» **Description of the task**
For the word "Notation", find each line in the entries where it occurs and copy that line.

┌────────

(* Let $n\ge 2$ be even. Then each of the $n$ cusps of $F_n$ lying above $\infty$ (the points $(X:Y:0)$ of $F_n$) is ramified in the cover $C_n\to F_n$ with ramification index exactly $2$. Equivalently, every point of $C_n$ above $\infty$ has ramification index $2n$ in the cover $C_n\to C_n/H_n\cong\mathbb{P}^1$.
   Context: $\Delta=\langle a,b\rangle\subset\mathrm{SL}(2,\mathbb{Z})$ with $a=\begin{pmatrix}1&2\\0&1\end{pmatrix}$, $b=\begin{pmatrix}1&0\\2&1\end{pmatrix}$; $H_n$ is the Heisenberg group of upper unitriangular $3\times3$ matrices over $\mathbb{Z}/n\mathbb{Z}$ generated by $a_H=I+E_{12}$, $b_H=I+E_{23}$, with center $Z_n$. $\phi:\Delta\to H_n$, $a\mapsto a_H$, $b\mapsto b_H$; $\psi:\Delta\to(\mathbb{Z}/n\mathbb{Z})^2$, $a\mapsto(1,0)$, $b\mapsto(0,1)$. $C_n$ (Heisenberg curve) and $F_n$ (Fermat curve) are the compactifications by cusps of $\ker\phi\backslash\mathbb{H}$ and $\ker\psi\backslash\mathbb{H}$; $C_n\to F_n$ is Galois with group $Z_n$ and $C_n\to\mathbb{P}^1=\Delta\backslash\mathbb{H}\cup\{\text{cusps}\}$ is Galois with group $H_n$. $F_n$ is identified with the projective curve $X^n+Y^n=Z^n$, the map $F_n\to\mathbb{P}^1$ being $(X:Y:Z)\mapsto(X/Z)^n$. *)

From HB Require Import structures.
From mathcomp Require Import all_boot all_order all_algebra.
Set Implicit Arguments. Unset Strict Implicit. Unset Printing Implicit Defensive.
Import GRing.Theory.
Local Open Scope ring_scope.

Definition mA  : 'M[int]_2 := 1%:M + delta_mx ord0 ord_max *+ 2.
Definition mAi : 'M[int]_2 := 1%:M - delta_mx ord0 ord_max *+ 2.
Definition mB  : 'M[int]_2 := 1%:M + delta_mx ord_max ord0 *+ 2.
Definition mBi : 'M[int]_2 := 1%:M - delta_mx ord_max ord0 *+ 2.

└────────
┌────────

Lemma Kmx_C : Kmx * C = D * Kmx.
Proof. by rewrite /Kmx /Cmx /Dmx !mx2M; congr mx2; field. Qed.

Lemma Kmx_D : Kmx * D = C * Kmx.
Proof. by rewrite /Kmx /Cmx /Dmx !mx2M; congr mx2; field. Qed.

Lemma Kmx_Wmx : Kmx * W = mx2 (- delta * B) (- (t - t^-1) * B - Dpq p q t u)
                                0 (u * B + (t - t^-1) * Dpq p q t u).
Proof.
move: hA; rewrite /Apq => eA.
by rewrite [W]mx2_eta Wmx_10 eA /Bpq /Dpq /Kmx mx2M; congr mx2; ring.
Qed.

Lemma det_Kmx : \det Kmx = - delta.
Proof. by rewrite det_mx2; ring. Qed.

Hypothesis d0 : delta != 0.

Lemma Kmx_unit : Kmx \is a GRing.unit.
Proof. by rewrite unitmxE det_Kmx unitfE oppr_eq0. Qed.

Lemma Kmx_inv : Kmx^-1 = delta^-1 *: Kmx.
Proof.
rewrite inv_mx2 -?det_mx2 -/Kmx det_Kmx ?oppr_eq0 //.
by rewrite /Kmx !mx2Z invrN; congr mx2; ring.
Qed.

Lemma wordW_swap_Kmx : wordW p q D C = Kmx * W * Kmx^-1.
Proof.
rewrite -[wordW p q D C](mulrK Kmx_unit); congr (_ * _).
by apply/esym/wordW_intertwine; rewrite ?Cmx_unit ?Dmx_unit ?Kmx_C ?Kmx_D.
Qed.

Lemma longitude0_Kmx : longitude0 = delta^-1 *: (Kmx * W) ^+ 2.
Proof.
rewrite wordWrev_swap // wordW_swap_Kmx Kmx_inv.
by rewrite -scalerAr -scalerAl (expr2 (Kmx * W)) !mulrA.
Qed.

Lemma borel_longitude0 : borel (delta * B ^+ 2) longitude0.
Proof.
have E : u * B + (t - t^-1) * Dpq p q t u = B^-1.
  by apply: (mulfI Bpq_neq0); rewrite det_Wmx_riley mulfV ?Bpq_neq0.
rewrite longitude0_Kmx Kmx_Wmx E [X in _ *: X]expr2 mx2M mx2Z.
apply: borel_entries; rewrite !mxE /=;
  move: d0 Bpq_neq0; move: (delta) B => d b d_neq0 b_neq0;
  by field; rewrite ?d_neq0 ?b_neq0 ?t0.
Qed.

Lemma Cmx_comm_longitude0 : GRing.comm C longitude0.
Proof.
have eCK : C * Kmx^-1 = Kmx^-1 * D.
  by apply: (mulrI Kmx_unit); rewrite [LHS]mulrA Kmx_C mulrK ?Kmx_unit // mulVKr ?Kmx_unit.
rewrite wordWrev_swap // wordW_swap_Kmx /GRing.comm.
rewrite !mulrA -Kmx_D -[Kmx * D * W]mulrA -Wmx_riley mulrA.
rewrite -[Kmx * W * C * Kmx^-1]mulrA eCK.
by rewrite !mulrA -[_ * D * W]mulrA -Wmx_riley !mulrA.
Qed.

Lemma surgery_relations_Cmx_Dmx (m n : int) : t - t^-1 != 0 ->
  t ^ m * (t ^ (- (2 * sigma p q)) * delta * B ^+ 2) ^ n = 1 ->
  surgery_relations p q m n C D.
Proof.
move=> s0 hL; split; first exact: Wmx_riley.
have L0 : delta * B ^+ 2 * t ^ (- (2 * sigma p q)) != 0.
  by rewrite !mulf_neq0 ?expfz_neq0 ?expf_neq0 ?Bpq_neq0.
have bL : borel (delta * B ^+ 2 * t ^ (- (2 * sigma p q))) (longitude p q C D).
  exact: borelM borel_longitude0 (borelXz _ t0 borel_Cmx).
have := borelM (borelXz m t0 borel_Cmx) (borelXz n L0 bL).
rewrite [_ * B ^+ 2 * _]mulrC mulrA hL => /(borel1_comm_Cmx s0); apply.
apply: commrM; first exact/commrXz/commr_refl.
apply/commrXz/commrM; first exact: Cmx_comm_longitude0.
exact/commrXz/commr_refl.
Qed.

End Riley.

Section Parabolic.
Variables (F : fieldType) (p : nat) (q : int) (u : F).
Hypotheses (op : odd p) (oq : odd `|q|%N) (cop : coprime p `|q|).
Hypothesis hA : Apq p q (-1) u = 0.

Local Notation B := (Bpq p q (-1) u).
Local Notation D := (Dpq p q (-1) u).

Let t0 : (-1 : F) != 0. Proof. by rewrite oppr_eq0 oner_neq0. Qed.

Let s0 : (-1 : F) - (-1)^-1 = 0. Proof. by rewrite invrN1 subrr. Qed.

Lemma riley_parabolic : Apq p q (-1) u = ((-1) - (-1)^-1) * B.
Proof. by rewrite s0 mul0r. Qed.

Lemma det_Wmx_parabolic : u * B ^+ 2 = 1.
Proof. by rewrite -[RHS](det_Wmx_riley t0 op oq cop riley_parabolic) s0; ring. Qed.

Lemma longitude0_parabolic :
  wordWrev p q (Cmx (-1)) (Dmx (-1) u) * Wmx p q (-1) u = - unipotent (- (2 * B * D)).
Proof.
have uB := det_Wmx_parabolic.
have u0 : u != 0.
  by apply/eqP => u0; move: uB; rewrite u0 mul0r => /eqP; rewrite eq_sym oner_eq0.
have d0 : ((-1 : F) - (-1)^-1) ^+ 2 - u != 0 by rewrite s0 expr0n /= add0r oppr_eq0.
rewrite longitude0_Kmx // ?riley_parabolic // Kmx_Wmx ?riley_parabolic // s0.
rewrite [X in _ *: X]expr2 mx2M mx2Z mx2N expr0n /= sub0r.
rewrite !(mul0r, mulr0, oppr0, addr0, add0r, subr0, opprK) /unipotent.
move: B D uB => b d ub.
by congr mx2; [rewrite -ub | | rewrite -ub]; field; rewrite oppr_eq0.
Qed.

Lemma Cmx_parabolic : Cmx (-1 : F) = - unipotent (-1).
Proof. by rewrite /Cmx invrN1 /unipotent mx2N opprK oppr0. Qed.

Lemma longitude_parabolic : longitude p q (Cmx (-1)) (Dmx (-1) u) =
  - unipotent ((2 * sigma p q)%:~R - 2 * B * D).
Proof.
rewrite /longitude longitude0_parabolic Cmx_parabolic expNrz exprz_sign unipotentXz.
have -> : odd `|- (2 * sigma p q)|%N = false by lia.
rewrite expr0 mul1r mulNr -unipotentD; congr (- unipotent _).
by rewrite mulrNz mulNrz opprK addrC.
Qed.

└────────

» **Result for this exercise**
Local Notation B := (Bpq p q (-1) u).
Local Notation D := (Dpq p q (-1) u).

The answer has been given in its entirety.